# Zmieścić się w jakimś czasie



## cointi

Witam,

szukam ładnego odpowiednika " zmieścić się w " jak w "Dobrze, porozmawiam z Tobą, ale musisz się zmieścić w pięciu minutach" . 

Będę bardzo wdzięczny za wszystkie sugestie...


----------



## inter1908

Dobrze, porozmawiam z tobą, ale nie może to trwać dłużej, niż pięć minut.
...ale nie może to zająć więcej/może to zająć nie więcej, niż pięć minut. (preferowałbym pierwszą wersję)
 ...ale nie mogę na to poświęcić więcej/mogę na to poświęcić nie więcej, niż pięć minut. (to samo co wyżej)
 ...ale jeśli to ma trwać więcej niż pięć minut, to nie mam tyle czasu.
...ale tylko jeśli nasza rozmowa zajmie maksymalnie pięć minut.

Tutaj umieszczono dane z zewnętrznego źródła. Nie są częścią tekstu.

Lemma room_b5_redless : room P (b 5) = redless.
Proof.
have /subsetP B56 := b56_sub_redless.
apply/eqP; rewrite eqEcard card_room card_redless leqnn andbT.
apply/subsetP => a /same_reds; rewrite inE => ->.
by move: (B56 (b 5)); rewrite !inE eqxx => /(_ isT).
Qed.

Lemma rooms_r2_b5 : exists i j, [/\ i != j, room P r2 = [set r2; r3; blue4 i]
  & room P (b 5) = [set b 5; b 6; blue4 j]].
Proof.
have [_ _ n23] := red_neq.
have /subsetP B56 := b56_sub_redless.
have b6_in : b 6 \in room P (b 5) by rewrite room_b5_redless B56 // !inE eqxx orbT.
have b56_in x : x \in room P r2 -> x \notin [set b 5; b 6].
  move=> x_in; apply/negP => /B56; rewrite inE (same_reds x_in) eqn0Ngt.
  by case: red_in => _ /reds_gt0 ->.
have [x [nx2 nx3 Er2]] := set3_of_card (card_room r2) (mem_room r2) r3_in_room_r2 n23.
have [w [nw5 nw6 Eb5]] := set3_of_card (card_room (b 5)) (mem_room _) b6_in b5_neq_b6.
have x_in : x \in room P r2 by rewrite Er2 !inE eqxx !orbT.
have w_in : w \in room P (b 5) by rewrite Eb5 !inE eqxx !orbT.
have [i xi] : exists i, x = blue4 i.
  apply: blueP (b56_in x x_in); rewrite !inE (negbTE nx2) (negbTE nx3) !orbF.
  by apply: contraNneq r1_notin_room_r2 => <-.
have [j wj] : exists j, w = blue4 j.
  apply: blueP; last by rewrite !inE negb_or nw5 nw6.
  by apply/negP => /reds_gt0; move: w_in; rewrite room_b5_redless inE => /eqP ->.
exists i, j; split; rewrite -?xi -?wj //.
apply: contraTneq (_ : b 5 \in [set b 5; b 6]) => [eij|]; last by rewrite !inE eqxx.
by apply: b56_in; rewrite -(same_room x_in) xi eij -wj (same_room w_in) mem_room.
Qed.

End Outcome.

Theorem mainTheorem7 (P : {set {set agent}}) :
  outcome P -> #|Dpi_n P| = 1 -> #|Dpi_minus P| = 1 -> top_type P.
Proof.
move=> outP _ one_disapprover.
have [i [j [nij Er2 Eb5]]] := rooms_r2_b5 outP (eq_leq one_disapprover).
exact: (top_type_of_rooms outP nij Er2 Eb5).
Qed.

Osobiście nie wiem którego bym użył, natomiast na pewno użyłbym dla klarowności sformułowania "streszczaj się" albo podobnego


----------



## majlo

Ja bym powiedział: "...ale mogę ci poświęcić maksymalnie/najwyżej pięć minut".


----------



## dreamlike

A do kogo tak w ogóle skierowałbyś te słowa? Bo Twoja wersja idealnie sprawdzała by się w rozmowie z kolegą na przykład. Nie użyłbym wersji zaproponowanej przez majlo w potocznej rozmowie z rówieśnikiem, albo nawet kimś nieznacznie starszym. Odczytałbym to jako silenie się na wyszukanie zwroty.


----------



## LilianaB

I think all of them sound great. Majlo's version is just for somebody on more friendly terms.


----------



## majlo

dreamlike said:


> Nie użyłbym wersji zaproponowanej przez majlo w potocznej rozmowie z rówieśnikiem, albo nawet kimś nieznacznie starszym.

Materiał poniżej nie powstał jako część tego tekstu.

Lemma A6_iff : (forall a b, imp a b <= imp (~` b) (~` a)) <->
  (forall u v Y, closed_Ul Y -> TA imp u Y v ->
     exists w, Y w /\ TA imp u (singleton_Ul v) w).
Proof.
split=> [A6 u v Y _ Tuv | T6 a b].
- have [F fF eY] := TA_closed Tuv; move: Tuv; rewrite eY => /(TAP _ _ fF) Tuv.
  have fD := Dimp_filter u (ul_filter v).
  have [|w Jw] := @ultrafilter_exists _ _ (fjoin F (Dimp imp u (ulmem v))).
    split; first exact: fjoin_filter.
    case/fjoin_bot=> f [y [Ff [c [vc ucy]] yf]].
    have ufc : ulmem u (imp f (~` c)).
      by rewrite -[f]complK; apply: ul_up (A6 _ _); apply: ul_up ucy (imp_mono _ yf).
    exact: ul_complN (Tuv _ _ Ff ufc) vc.
  exists w; split; first by move=> a Fa; apply/Jw/fjoinl.
  rewrite singleton_UlE; apply/TAP; first exact: ul_filter.
  by move=> a b va uab; apply/Jw/fjoinr => //; exists a.
- apply: ul_le => u uab; apply: imp_mem => v Tv.
  have [w [/phi_upsetE wnb Tw]] := T6 u v _ (closed_upset _) Tv.
  apply: ul_compl => va; apply: (ul_complN (a := b) wnb).
  by move: Tw; rewrite singleton_UlE => /(TAP _ _ (ul_filter v))/(_ a b va uab).
Qed.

Ja w normalnych okolicznościach też nie. Przeczytaj jeszcze raz pytanie, dreamlike.


----------



## dreamlike

Mój post można potraktować jako dygresję. Nigdzie nie napisałem, że użyłbyś tego wyrażenia, majlo.  



			
				LilianaB said:
			
		

> Majlo's version is just for somebody on more friendly terms.

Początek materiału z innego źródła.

(* Let $T:X\to X$ be a continuous map of a compact metric space $X$ which is not minimal. If $\mu$ is an ergodic $T$-invariant Borel probability measure with full support ($S_\mu=X$), then $\mu(A(T))=0$.
   Context: $T$ is minimal if for every $y\in X$, $\omega_T(y)=X$. $S_\mu$ is the support of $\mu$. $A(T)$ is the set of almost periodic points: $x$ such that for every open $U\ni x$ there is $N>0$ such that for every $n\ge1$ there exists $k\in[n,n+N]$ with $T^kx\in U$. *)

From HB Require Import structures.
From mathcomp Require Import all_boot all_order all_algebra.
From mathcomp Require Import all_classical all_reals all_analysis.
Set Implicit Arguments. Unset Strict Implicit. Unset Printing Implicit Defensive.
Import Order.TTheory GRing.Theory Num.Theory.
Local Open Scope classical_set_scope.
Local Open Scope ring_scope.

Notation borel X := (g_sigma_algebraType (@open X)).

Section dyn.
Context {X : ptopologicalType}.
Implicit Types (T : X -> X).

Definition omega_limit T (y : X) : set X :=
  \bigcap_(N in [set: nat]) closure [set iter n T y | n in [set n | (N <= n)%N]].

Definition minimal T : Prop := forall y : X, omega_limit T y = [set: X].

Definition almost_periodic T : set X :=
  [set x | forall U : set X, open U -> U x ->
     exists N : nat, (0 < N)%N /\
       forall n : nat, (1 <= n)%N -> exists k : nat,
         (n <= k <= n + N)%N /\ U (iter k T x)].
End dyn.

Section meas.
Context {X : ptopologicalType} {R : realType}.
Local Open Scope ereal_scope.

Definition invariant_measure (T : X -> X) (mu : set (borel X) -> \bar R) : Prop :=
  forall A : set (borel X), measurable A -> mu (T @^-1` A) = mu A.

Definition ergodic (T : X -> X) (mu : set (borel X) -> \bar R) : Prop :=
  invariant_measure T mu /\
  forall A : set (borel X), measurable A -> T @^-1` A = A ->
    mu A = 0 \/ mu A = 1.

Definition msupport (mu : set (borel X) -> \bar R) : set X :=
  [set x | forall U : set X, open U -> U x -> 0 < mu U].
End meas.

From HB Require Import structures.
From mathcomp Require Import all_boot all_order all_algebra.
From mathcomp Require Import all_classical all_reals all_analysis.
From mathcomp Require Import lra.
Import Order.TTheory GRing.Theory Num.Theory.
Local Open Scope classical_set_scope.
Local Open Scope ring_scope.

(* For a nonempty open set U, the points whose orbit enters U infinitely
   often form a T-invariant set; it is the decreasing intersection of the sets
   of points entering U after time N, each of which contains T^-N U and so has
   measure at least mu U > 0. By ergodicity it has full measure. Covering the
   compact space by finitely many balls of radius 1/(k+1) for every k shows
   that almost every point has a forward orbit all of whose tails are dense.
   An almost periodic point x with this property forces minimality: its
   returns to a neighbourhood V of x have gaps at most N, so the orbit closure
   of x is covered by the closed sets T^-i (closure V), i <= N; hence every
   orbit passes near x and then follows the dense orbit of x. *)

Lemma measurable_open {X : ptopologicalType} (U : set X) :
  open U -> measurable (U : set (borel X)).
Proof. by move=> oU; apply: sub_sigma_algebra. Qed.

Section Recurrence.
Context {X : ptopologicalType} (T : X -> X).

Definition visits_after (U : set X) (N : nat) : set X :=
  \bigcup_(n in [set: nat]) (iter (n + N) T) @^-1` U.

Definition visits_io (U : set X) : set X :=
  \bigcap_(N in [set: nat]) visits_after U N.

Lemma preimage_visits_io U : T @^-1` visits_io U = visits_io U.
Proof.
apply/seteqP; split=> x xU N _ /=.
- have [m _ Tm] := xU N I.
  by exists m.+1 => //; move: Tm; rewrite /= -iterSr.
- have [m _ Tm] := xU N.+1 I.
  by exists m => //; rewrite /= -iterSr -addnS.
Qed.

Lemma visits_after_nonincreasing U :
  {homo visits_after U : n m / (n <= m)%N >-> (m <= n)%O}.
Proof.
move=> n m nm; apply/subsetPset => x [k _ Tk].
by exists (k + (m - n))%N => //; rewrite /= -addnA subnK.
Qed.

End Recurrence.

Section ContinuousRecurrence.
Context {X : ptopologicalType} {T : X -> X} (cT : continuous T).

Lemma continuous_iter n : continuous (iter n T).
Proof.
elim: n=> [|n IHn] x /=; first exact: cvg_id.
by apply: continuous_comp; [exact: IHn | exact: cT].
Qed.

Lemma open_preimage_iter n (U : set X) : open U -> open (iter n T @^-1` U).
Proof. exact: (proj1 (continuousP _) (continuous_iter n)). Qed.

Lemma closed_preimage_iter n (U : set X) : closed U -> closed (iter n T @^-1` U).
Proof. exact: (proj1 (continuous_closedP _) (continuous_iter n)). Qed.

Lemma measurable_visits_after U N :
  open U -> measurable (visits_after T U N : set (borel X)).
Proof.
move=> oU; apply: bigcupT_measurable => n.
by apply: measurable_open; exact: open_preimage_iter.
Qed.

Lemma measurable_visits_io U : open U -> measurable (visits_io T U : set (borel X)).
Proof. by move=> oU; apply: bigcapT_measurable => N; exact: measurable_visits_after. Qed.

End ContinuousRecurrence.

Section ErgodicRecurrence.
Context {R : realType} {X : ptopologicalType} {T : X -> X} (cT : continuous T).
Context {mu : probability (borel X) R}.
Local Open Scope ereal_scope.

Lemma measure_preimage_iter n (U : set X) : invariant_measure T mu ->
  open U -> mu (iter n T @^-1` U) = mu U.
Proof.
move=> inv oU; elim: n => [//|n IHn].
have -> : iter n.+1 T @^-1` U = T @^-1` (iter n T @^-1` U).
  by apply/seteqP; split=> x /=; rewrite -iterSr.
rewrite inv //; apply: measurable_open; exact: open_preimage_iter.
Qed.

Lemma measure_le_visits_io U : invariant_measure T mu -> open U ->
  mu U <= mu (visits_io T U).
Proof.
move=> inv oU.
have mV N := measurable_visits_after cT U N oU.
have finV0 : mu (visits_after T U 0) < +oo.
  exact: le_lt_trans (probability_le1 _ (mV 0%N)) (ltry _).
have cvV := nonincreasing_cvg_mu finV0 mV (measurable_visits_io cT U oU)
  (@visits_after_nonincreasing _ T U).
rewrite -(cvg_lim _ cvV) //; apply: lime_ge.
  by apply/cvg_ex; exists (mu (visits_io T U)).
apply: nearW => N /=.
rewrite -(measure_preimage_iter N U inv oU); apply: le_measure; rewrite ?inE.
- by apply: measurable_open; exact: open_preimage_iter.
- exact: mV.
- by move=> x Ux; exists 0%N.
Qed.

Lemma visits_io_ae U : ergodic T mu -> msupport mu = [set: X] ->
  open U -> U !=set0 -> mu.-negligible (~` visits_io T U).
Proof.
move=> [inv erg] full oU [u Uu].
have mVU := measurable_visits_io cT U oU.
have muU_gt0 : 0 < mu U by have /(_ U oU Uu) : msupport mu u by rewrite full.
have muVU_gt0 := lt_le_trans muU_gt0 (measure_le_visits_io U inv oU).
have muVU : mu (visits_io T U) = 1.
  have [muVU0|//] := erg _ mVU (preimage_visits_io T U).
  by move: muVU_gt0; rewrite muVU0 ltxx.
exists (~` visits_io T U); split=> //; first exact: measurableC.
by rewrite probability_setC // muVU subee.
Qed.

End ErgodicRecurrence.

Section Metric.
Context {R : realType} {X : pseudoPMetricType R}.

Lemma compact_finite_ball_cover (r : R) : compact [set: X] -> 0 < r ->
  exists s : seq X, forall z, exists2 c, c \in s & ball c r z.
Proof.
rewrite compact_cover => cX r0.
have [D _ DX] := cX X setT (fun c => (ball c r)°) (fun c _ => open_interior _)
  (fun z _ => ex_intro2 _ _ z I (nbhsx_ballx z r r0)).
exists (finmap.enum_fset D) => z; have [c Dc zc] := DX z I.
by exists c => //; exact: interior_subset.
Qed.

Definition forward_dense (T : X -> X) (x : X) : Prop :=
  forall (z : X) (e : R) (N : nat), 0 < e ->
    exists2 n, (N <= n)%N & ball z e (iter n T x).

End Metric.

Section MetricDynamics.
Context {R : realType} {X : pseudoPMetricType R} {T : X -> X} (cT : continuous T).

Lemma forward_dense_ae (mu : probability (borel X) R) :
  compact [set: X] -> ergodic T mu -> msupport mu = [set: X] ->
  mu.-negligible (~` forward_dense T).
Proof.
move=> cX erg full.
have /choice[s sX] : forall k : nat, exists s : seq X,
    forall z, exists2 c, c \in s & ball c k.+1%:R^-1 z.
  by move=> k; apply: compact_finite_ball_cover; rewrite // invr_gt0.
pose V k i := (ball (nth point (s k) i) k.+1%:R^-1)°.
have Vc_negligible : mu.-negligible (\bigcup_k \bigcup_i ~` visits_io T (V k i)).
  apply: negligible_bigcup => k; apply: negligible_bigcup => i.
  apply: (visits_io_ae cT _ erg full (open_interior _)).
  by exists (nth point (s k) i); apply: nbhsx_ballx; rewrite invr_gt0.
apply: negligibleS Vc_negligible => x xnd.
apply: contrapT => xV; apply: xnd => z e N e0.
have [k _ /(_ k (leqnn _)) ke] := near_infty_natSinv_lt (PosNum (divr_gt0 e0 (ltr0Sn _ 1))).
have [c cs cz] := sX k z.
have /contrapT : ~ (~` visits_io T (V k (index c (s k)))) x.
  by move=> xVc; apply: xV; exists k => //; exists (index c (s k)).
rewrite /V nth_index // => /(_ N I)[n _ /interior_subset cx].
exists (n + N)%N; first exact: leq_addl.
apply: le_ball (ball_triangle (ball_sym cz) cx).
by rewrite [leRHS](splitr e) lerD // ltW.
Qed.

Lemma almost_periodic_orbit_closure x V : almost_periodic T x ->
  open V -> V x -> exists N : nat,
    closure [set iter j T x | j in [set j | (1 <= j)%N]] `<=`
    \bigcup_(i in `I_N.+1) iter i T @^-1` closure V.
Proof.
move=> apx oV Vx; have [N [_ returnV]] := apx V oV Vx; exists N.
have closedF : closed (\bigcup_(i in `I_N.+1) iter i T @^-1` closure V).
  apply: closed_bigcup => [|i _]; first exact: finite_II.
  exact: (closed_preimage_iter cT i _ (@closed_closure _ V)).
rewrite [X in _ `<=` X](proj1 (closure_id _) closedF); apply: closureS.
move=> _ [j j1 <-]; have [k [/andP[jk kjN] Vk]] := returnV j j1.
exists (k - j)%N; first by rewrite /= ltnS leq_subLR.
by rewrite /= -iterD subnK //; exact: subset_closure.
Qed.

Lemma minimal_of_almost_periodic_forward_dense x :
  almost_periodic T x -> forward_dense T x -> minimal T.
Proof.
move=> apx dx y; apply/seteqP; split=> // z _ N _ W /nbhs_ballP[e /= e0 zeW].
pose d := e / 3; have d0 : 0 < d by rewrite divr_gt0.
have [m _ zd] := dx z d 0%N d0.
pose V := iter m T @^-1` (ball (iter m T x) d)°.
have oV : open V := open_preimage_iter cT m _ (open_interior _).
have Vx : V x by exact: nbhsx_ballx.
have [Nx orbit_sub] := almost_periodic_orbit_closure x V apx oV Vx.
have closure_orbit_y : closure [set iter j T x | j in [set j | (1 <= j)%N]]
    (iter N T y).
  move=> B /nbhs_ballP[r /= r0 rB]; have [n n1 yn] := dx (iter N T y) r 1%N r0.
  by exists (iter n T x); split; [exists n | exact: rB].
have [i _ closVi] := orbit_sub _ closure_orbit_y.
have closure_Vsub : closure V `<=` iter m T @^-1` closure (ball (iter m T x) d).
  rewrite [X in _ `<=` X](proj1 (closure_id _)
    (closed_preimage_iter cT m _ (@closed_closure _ (ball (iter m T x) d)))).
  by apply: closureS => p /interior_subset; exact: subset_closure.
have [p [xp yp]] := closure_Vsub _ closVi _ (nbhsx_ballx _ _ d0).
exists (iter (m + i + N) T y); split; first by exists (m + i + N)%N; rewrite //= leq_addl.
apply: zeW; rewrite !iterD.
apply: le_ball (ball_triangle (ball_triangle zd xp) (ball_sym yp)).
by rewrite /d; lra.
Qed.

End MetricDynamics.

Theorem mainTheorem13 (R : realType) (X : pseudoPMetricType R)
    (hX : hausdorff_space X) (cX : compact [set: X])
    (T : X -> X) (cT : continuous T) (nmin : ~ minimal T)
    (mu : probability (borel X) R)
    (erg : ergodic T mu) (full : msupport mu = [set: X]) :
  mu.-negligible (almost_periodic T).
Proof.
apply: negligibleS (forward_dense_ae cT mu cX erg full).
move=> x apx dx; apply: nmin.
exact: minimal_of_almost_periodic_forward_dense apx dx.
Qed.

I think it's quite the other way round - his suggestion is perfect for people who are on formal basis. I can imagine teacher saying this to a student.


----------



## majlo

Nie w tym rzecz. W tym wątku chyba właśnie o to chodzi, żeby się silić na wyszukane zwroty. Ja przynajmniej tak interpretuję to pytanie.


----------



## cointi

Cóż,

dziękuję wszystkim i każdemu z osobna za poświęcony czas!

Pozdrawiam serdecznie, 

Giesiek


----------